Note that even in problems with initially balanced populations, the lower nodes of the classification tree will typically have highly unbalanced populations.

When a path in the tree reaches the specified depth value, or when it contains a zero Gini/entropy population, it stops training. When all the paths stopped training, the tree is ready.

A common practice is to limit the depth of a tree. Another is to limit the number of samples in a leaf (not allowing fewer samples than a threshold). Both practices are done to prevent overfitting on the train set.

Now that we’ve worked out the details on training a classification tree, it will be very straightforward to understand regression trees: The labels in regression problems are continuous rather than discrete (e.g. the effectiveness of a given drug dose, measured in % of the cases). Training on this type of problem, regression trees also classify, but the labels are dynamically calculated as the mean value of the samples in each node. Here, it is common to use mean square error or Chi square measure as objectives for minimization, instead of Gini and entropy.

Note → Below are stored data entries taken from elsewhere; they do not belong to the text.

(* Let $K$ be a field, $b\ge2$ an integer, and $M=(m_{i,j})_{i,j\ge0}$ a non-degenerate $b$-autosimilar infinite matrix over $K$. Set $d_0=1$ and $d_k=\det(M(k+1))/\det(M(k))$ for $k=1,\dots,b-1$. Then for every $n\ge1$, $$\det(M(n))=\prod_{k=0}^{n-1}\ \prod_i d_{\kappa_i},$$ where $k=\sum_i\kappa_ib^i$ is the base-$b$ expansion of $k$ (digits $\kappa_i\in\{0,\dots,b-1\}$).
   Context: An infinite matrix $M=(m_{i,j})_{i,j\ge0}$ is $b$-autosimilar if $m_{0,0}=1$ and $m_{s,t}=\prod_i m_{\sigma_i,\tau_i}$ whenever $s=\sum_i\sigma_ib^i$, $t=\sum_i\tau_ib^i$ are base-$b$ expansions. $M(n)$ denotes the submatrix $(m_{i,j})_{0\le i,j<n}$. $M$ is non-degenerate if $\det(M(n))\neq0$ for $n=2,\dots,b$. *)

From mathcomp Require Import all_boot all_algebra.
Set Implicit Arguments. Unset Strict Implicit. Unset Printing Implicit Defensive.
Import GRing.Theory.
Local Open Scope ring_scope.

Definition digit (b i s : nat) : nat := ((s %/ b ^ i) %% b)%N.

Definition subM (K : fieldType) (m : nat -> nat -> K) (n : nat) : 'M[K]_n :=
  \matrix_(i < n, j < n) m i j.

(* Digits of index > maxn s t are all 0 (since b >= 2), so indices
   i <= maxn s t cover the base-b expansions of both s and t
   (the extra factors are m 0 0 = 1). *)
Definition b_autosimilar (K : fieldType) (b : nat) (m : nat -> nat -> K) : Prop :=
  m 0%N 0%N = 1 /\
  forall s t : nat,
    m s t = \prod_(i < (maxn s t).+1) m (digit b i s) (digit b i t).

Definition b_nondegenerate (K : fieldType) (b : nat) (m : nat -> nat -> K) : Prop :=
  forall n : nat, (2 <= n <= b)%N -> \det (subM m n) != 0.

Definition dcoef (K : fieldType) (m : nat -> nat -> K) (k : nat) : K :=
  if k == 0%N then 1 else \det (subM m k.+1) / \det (subM m k).

From mathcomp Require Import all_boot all_algebra.
Import GRing.Theory.
Set Implicit Arguments. Unset Strict Implicit. Unset Printing Implicit Defensive.
Local Open Scope ring_scope.

(* The leading minors of M(b) are nonzero, so M(b) = L U with L unit lower
   triangular and U upper triangular, and the diagonal of U is d_0, ..., d_(b-1).
   Autosimilarity says that M(b^N) is the N-fold Kronecker power of M(b); by the
   mixed-product rule it factors as L^(x N) U^(x N), again unit lower times upper
   triangular.  Hence det M(n), for n <= b^N, is the product of the first n
   diagonal entries of U^(x N), and the k-th of them is the product of the
   d_(kappa_i) over the base-b digits kappa_i of k. *)

Section LeadingMinors.
Variable K : fieldType.
Implicit Types (a L U : nat -> nat -> K) (n k : nat).

Definition LU_decomposition n a L U : Prop :=
  [/\ forall x y, (x < n)%N -> (y < n)%N -> a x y = \sum_(c < n) L x c * U c y,
      forall x, (x < n)%N -> L x x = 1,
      forall x y, (x < y < n)%N -> L x y = 0
    & forall x y, (y < x < n)%N -> U x y = 0].

Lemma subM_tr a n : subM (fun x y => a y x) n = (subM a n)^T.
Proof. by apply/matrixP => i j; rewrite !mxE. Qed.

Lemma det_subM_lower L k : (forall x y, (x < y < k)%N -> L x y = 0) ->
  \det (subM L k) = \prod_(c < k) L c c.
Proof.
move=> L0; rewrite det_trig; first by apply: eq_bigr => i _; rewrite mxE.
by apply/is_trig_mxP => i j lt_ij; rewrite mxE L0 // lt_ij ltn_ord.
Qed.

Lemma det_subM_upper U k : (forall x y, (y < x < k)%N -> U x y = 0) ->
  \det (subM U k) = \prod_(c < k) U c c.
Proof. by move=> U0; rewrite -det_tr -subM_tr det_subM_lower // => x y /U0. Qed.

Lemma subM_mul n a L U k :
  (forall x y, (x < n)%N -> (y < n)%N -> a x y = \sum_(c < n) L x c * U c y) ->
  (forall x y, (x < y < n)%N -> L x y = 0) -> (k <= n)%N ->
  subM a k = subM L k *m subM U k.
Proof.
move=> a_LU L0 le_kn; apply/matrixP => i j.
have lt_in := leq_trans (ltn_ord i) le_kn; have lt_jn := leq_trans (ltn_ord j) le_kn.
rewrite !mxE a_LU // -(big_mkord xpredT (fun c => L i c * U c j)).
rewrite (big_cat_nat (leq0n k) le_kn) /= big_mkord.
rewrite [X in _ + X]big1_seq ?addr0 => [|c]; first by apply: eq_bigr => c _; rewrite !mxE.
rewrite mem_index_iota => /andP[_ /andP[le_kc lt_cn]].
by rewrite L0 ?mul0r // lt_cn andbT (leq_trans (ltn_ord i)).
Qed.

Lemma det_subM_LU n a L U k : LU_decomposition n a L U -> (k <= n)%N ->
  \det (subM a k) = \prod_(c < k) U c c.
Proof.
move=> [a_LU L1 L0 U0] le_kn.
rewrite (subM_mul a_LU L0 le_kn) det_mulmx det_subM_lower => [|x y /andP[lt_xy lt_yk]].
  rewrite det_subM_upper => [|x y /andP[lt_yx lt_xk]].
    by rewrite big1 ?mul1r // => c _; rewrite L1 // (leq_trans (ltn_ord c)).
  by rewrite U0 // lt_yx (leq_trans lt_xk).
by rewrite L0 // lt_xy (leq_trans lt_yk).
Qed.

Lemma LU_decomposition_diag n a L U c : LU_decomposition n a L U -> (c < n)%N ->
  \det (subM a c) != 0 -> U c c = \det (subM a c.+1) / \det (subM a c).
Proof.
move=> LU lt_cn; rewrite (det_subM_LU LU lt_cn) (det_subM_LU LU (ltnW lt_cn)).
by rewrite big_ord_recr /= => nz; rewrite mulrAC divff ?mul1r.
Qed.

Lemma solve_subM a n (v : nat -> K) : \det (subM a n) != 0 ->
  exists w : nat -> K, forall x, (x < n)%N -> \sum_(c < n) a x c * w c = v x.
Proof.
rewrite -unitfE -unitmxE => a_unit.
pose W := invmx (subM a n) *m \col_(i < n) v i.
exists (fun c => oapp (fun i : 'I_n => W i 0) 0 (insub c)) => x lt_xn.
have /matrixP/(_ (Ordinal lt_xn) 0) := mulKVmx a_unit (\col_(i < n) v i).
by rewrite !mxE => <-; apply: eq_bigr => c _; rewrite valK /= [subM _ _ _ _]mxE.
Qed.

Lemma solve_subM_tr a n (v : nat -> K) : \det (subM a n) != 0 ->
  exists w : nat -> K, forall y, (y < n)%N -> \sum_(c < n) w c * a c y = v y.
Proof.
rewrite -det_tr -subM_tr => /(solve_subM v) [w aw].
by exists w => y lt_yn; rewrite -aw //; apply: eq_bigr => c _; rewrite mulrC.
Qed.

Lemma LU_decomposition_exists n a : (forall k, (k < n)%N -> \det (subM a k) != 0) ->
  exists L U, LU_decomposition n a L U.
Proof.
elim: n => [|n IH] minors_nz.
  exists (fun x y => (x == y)%:R), (fun _ _ => 0).
  by split=> x; rewrite ?ltn0 // => y; rewrite andbF.
have [L [U LU]] := IH (fun k lt_kn => minors_nz k (ltnW lt_kn)).
have L_nz : \det (subM L n) != 0.
  case: LU => _ L1 L0 _; rewrite det_subM_lower // big1 ?oner_neq0 // => c _.
  exact: L1.
have U_nz : \det (subM U n) != 0.
  case: (LU) => _ _ _ U0; rewrite det_subM_upper // -(det_subM_LU LU) //.
  exact: minors_nz.
have [u Lu] := solve_subM (fun x => a x n) L_nz.
have [l lU] := solve_subM_tr (a n) U_nz.
(* Bordering: the new row l of L and column u of U solve triangular systems,
   and the new pivot d is the Schur complement. *)
pose d := a n n - \sum_(c < n) l c * u c.
exists (fun x y => if y == n then (x == n)%:R else if x == n then l y else L x y).
exists (fun x y => if x == n then (y == n)%:R * d else if y == n then u x else U x y).
case: LU => a_LU L1 L0 U0; split.
- move=> x y; rewrite !ltnS big_ord_recr /= !eqxx.
  under eq_bigr => c _ do rewrite (ltn_eqF (ltn_ord c)).
  rewrite leq_eqVlt => /predU1P[-> | lt_xn]; rewrite leq_eqVlt => /predU1P[-> | lt_yn].
  + by rewrite !eqxx !mul1r addrCA subrr addr0.
  + by rewrite eqxx (ltn_eqF lt_yn) mul0r mulr0 addr0 lU.
  + by rewrite eqxx (ltn_eqF lt_xn) mul0r addr0 Lu.
  + by rewrite (ltn_eqF lt_xn) (ltn_eqF lt_yn) mul0r addr0 a_LU.
- move=> x; rewrite ltnS leq_eqVlt => /predU1P[-> | lt_xn]; first by rewrite eqxx.
  by rewrite (ltn_eqF lt_xn) L1.
- move=> x y; rewrite ltnS [(y <= n)%N]leq_eqVlt => /andP[lt_xy /predU1P[eq_yn | lt_yn]].
    by subst y; rewrite eqxx (ltn_eqF lt_xy).
  by rewrite (ltn_eqF lt_yn) (ltn_eqF (ltn_trans lt_xy lt_yn)) L0 // lt_xy.
- move=> x y; rewrite ltnS [(x <= n)%N]leq_eqVlt => /andP[lt_yx /predU1P[eq_xn | lt_xn]].
    by subst x; rewrite eqxx (ltn_eqF lt_yx) mul0r.
  by rewrite (ltn_eqF lt_xn) (ltn_eqF (ltn_trans lt_yx lt_xn)) U0 // lt_yx.
Qed.

End LeadingMinors.

Lemma sum_ord_mul (V : nmodType) (F : nat -> V) p q :
  \sum_(r < p * q) F r = \sum_(i < p) \sum_(c < q) F (i * q + c)%N.
Proof.
rewrite -(big_mkord xpredT F) -(big_mkord xpredT (fun i => \sum_(c < q) F (i * q + c)%N)).
rewrite big_nat_mul; apply: eq_bigr => i _.
rewrite -{1}[(i * q)%N]add0n big_addn mulSn addnK big_mkord.
by apply: eq_bigr => c _; rewrite addnC.
Qed.

Lemma digit_eq0 b N i s : (0 < b)%N -> (N <= i)%N -> (s < b ^ N)%N -> digit b i s = 0%N.
Proof.
move=> b_gt0 le_Ni lt_s; rewrite /digit divn_small ?mod0n //.
exact: leq_trans lt_s (leq_pexp2l b_gt0 le_Ni).
Qed.

Lemma prod_ord_pad (R : comPzSemiRingType) (F : nat -> R) N N' :
  (N <= N')%N -> (forall i, (N <= i)%N -> F i = 1) ->
  \prod_(i < N') F i = \prod_(i < N) F i.
Proof.
move=> le_NN' F1; rewrite [RHS](big_ord_widen _ _ le_NN') [RHS]big_mkcond /=.
by apply: eq_bigr => i _; case: ltnP => // /F1.
Qed.

Section KroneckerPower.
Variables (K : fieldType) (b : nat).
Hypothesis b_gt0 : (0 < b)%N.
Implicit Types (f L U : nat -> nat -> K) (N s t : nat).

(* Entry (s, t) of the N-fold Kronecker power of the b x b matrix f. *)
Definition kronpow N f s t : K := \prod_(i < N) f (digit b i s) (digit b i t).

Lemma kronpowS N f s t :
  kronpow N.+1 f s t = f (s %% b)%N (t %% b)%N * kronpow N f (s %/ b)%N (t %/ b)%N.
Proof.
rewrite /kronpow big_ord_recl /digit expn0 !divn1; congr (_ * _).
by apply: eq_bigr => i _; rewrite /= expnS !divnMA.
Qed.

Lemma kronpow_pad N N' f s t : f 0%N 0%N = 1 -> (N <= N')%N ->
  (s < b ^ N)%N -> (t < b ^ N)%N -> kronpow N' f s t = kronpow N f s t.
Proof.
move=> f00 le_NN' lt_s lt_t.
rewrite /kronpow (prod_ord_pad (F := fun i => f (digit b i s) (digit b i t)) le_NN') //.
by move=> i le_Ni; rewrite !(digit_eq0 b_gt0 le_Ni).
Qed.

Lemma kronpow_diag N f s : (forall x, (x < b)%N -> f x x = 1) -> kronpow N f s s = 1.
Proof. by move=> f1; apply: big1 => i _; rewrite f1 ?ltn_pmod. Qed.

Lemma kronpow_lower N f s t : (forall x y, (x < y < b)%N -> f x y = 0) ->
  (s < t < b ^ N)%N -> kronpow N f s t = 0.
Proof.
move=> f0; elim: N s t => [|N IH] s t /andP[lt_st].
  by rewrite expn0 ltnS leqn0 => /eqP t0; rewrite t0 in lt_st.
rewrite kronpowS expnSr => lt_t.
have [eq_q|lt_q] := eqVneq (s %/ b)%N (t %/ b)%N.
  rewrite f0 ?mul0r // ltn_pmod // andbT.
  by move: lt_st; rewrite {1}(divn_eq s b) {1}(divn_eq t b) eq_q ltn_add2l.
rewrite IH ?mulr0 // ltn_neqAle lt_q leq_div2r ?ltn_divLR ?(ltnW lt_st) //.
Qed.

Lemma kronpow_mul N f L U :
  (forall x y, (x < b)%N -> (y < b)%N -> f x y = \sum_(c < b) L x c * U c y) ->
  forall s t, (s < b ^ N)%N -> (t < b ^ N)%N ->
  kronpow N f s t = \sum_(r < b ^ N) kronpow N L s r * kronpow N U r t.
Proof.
move=> f_LU; elim: N => [|N IH] s t lt_s lt_t.
  by rewrite expn0 big_ord1 /kronpow !big_ord0 mulr1.
rewrite expnSr in lt_s lt_t.
rewrite kronpowS f_LU ?ltn_pmod // IH ?ltn_divLR // big_distrl /=.
rewrite expnSr (sum_ord_mul (fun r => kronpow N.+1 L s r * kronpow N.+1 U r t)).
rewrite exchange_big; apply: eq_bigr => c _.
rewrite big_distrr; apply: eq_bigr => q _ /=.
have lt_cb := ltn_ord c.
rewrite !kronpowS modnMDl divnMDl // (modn_small lt_cb) (divn_small lt_cb) addn0.
by rewrite mulrACA.
Qed.

Lemma LU_decomposition_kronpow N a L U : LU_decomposition b a L U ->
  LU_decomposition (b ^ N) (kronpow N a) (kronpow N L) (kronpow N U).
Proof.
case=> a_LU L1 L0 U0; split.
- exact: kronpow_mul.
- by move=> x _; apply: kronpow_diag.
- by move=> x y; apply: kronpow_lower.
- by move=> x y; apply: (kronpow_lower (f := fun x y => U y x)) => x' y' /U0.
Qed.

End KroneckerPower.

Lemma autosimilar_kronpow (K : fieldType) b (m : nat -> nat -> K) N s t :
  (1 < b)%N -> b_autosimilar b m -> (s < b ^ N)%N -> (t < b ^ N)%N ->
  m s t = kronpow b N m s t.
Proof.
move=> b_gt1 [m00 m_digits] lt_s lt_t; have b_gt0 := ltnW b_gt1.
have lt_max x : (x <= maxn s t)%N -> (x < b ^ (maxn s t).+1)%N.
  by move=> le_x; rewrite (leq_trans (ltn_expl x b_gt1)) // leq_pexp2l // ltnW.
rewrite m_digits -/(kronpow b _ m s t).
rewrite -(kronpow_pad b_gt0 m00 (leq_maxl _ N)) ?lt_max ?leq_maxl ?leq_maxr //.
by rewrite (kronpow_pad b_gt0 m00 (leq_maxr _ N)).
Qed.

Lemma dcoefE (K : fieldType) (m : nat -> nat -> K) k : m 0%N 0%N = 1 ->
  dcoef m k = \det (subM m k.+1) / \det (subM m k).
Proof. by case: k => [|k] m00 //; rewrite det_mx00 det_mx11 mxE m00 divr1. Qed.

Theorem corollary2p2 (K : fieldType) (b : nat) (m : nat -> nat -> K) :
  (2 <= b)%N -> b_autosimilar b m -> b_nondegenerate b m ->
  forall n : nat, (1 <= n)%N ->
    \det (subM m n) =
      \prod_(k < n) \prod_(i < k.+1) dcoef m (digit b i k).
Proof.
move=> b_ge2 autosim nondeg n _; have [m00 _] := autosim; have b_gt0 := ltnW b_ge2.
have minors_nz k : (k < b)%N -> \det (subM m k) != 0.
  case: k => [|[|k]] lt_kb; first by rewrite det_mx00 oner_neq0.
    by rewrite det_mx11 mxE m00 oner_neq0.
  by apply: nondeg; rewrite /= ltnW.
have [L [U LU]] := LU_decomposition_exists minors_nz.
have U_dcoef c : (c < b)%N -> U c c = dcoef m c.
  by move=> lt_cb; rewrite dcoefE // (LU_decomposition_diag LU) ?minors_nz // ltnW.
have lt_n := ltn_expl n b_ge2.
have -> : subM m n = subM (kronpow b n m) n.
  apply/matrixP => i j; rewrite !mxE.
  by rewrite (autosimilar_kronpow b_ge2 autosim (ltn_trans _ lt_n) (ltn_trans _ lt_n)).
rewrite (det_subM_LU (LU_decomposition_kronpow b_gt0 n LU) (ltnW lt_n)).
apply: eq_bigr => c _; rewrite /kronpow.
under eq_bigr => i _ do rewrite U_dcoef ?ltn_pmod //.
rewrite (prod_ord_pad (F := fun i => dcoef m (digit b i c)) (ltn_ord c)) // => i le_ci.
by rewrite (digit_eq0 b_gt0 le_ci) // ltnW // ltn_expl.
Qed.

In this post we learned that decision trees are basically comparison sequences that can train to perform classification and regression tasks. We ran python scripts that trained a decision tree classifier, used our classifier to predict the class of several data samples, and computed the precision and recall metrics of the predictions on the training set and the test set. We also learned the mathematical mechanism behind the decision tree training, that aims to minimize some prediction error metric (Gini, entropy, mse) after each comparison. I hope you enjoyed reading this post, see you in my other posts!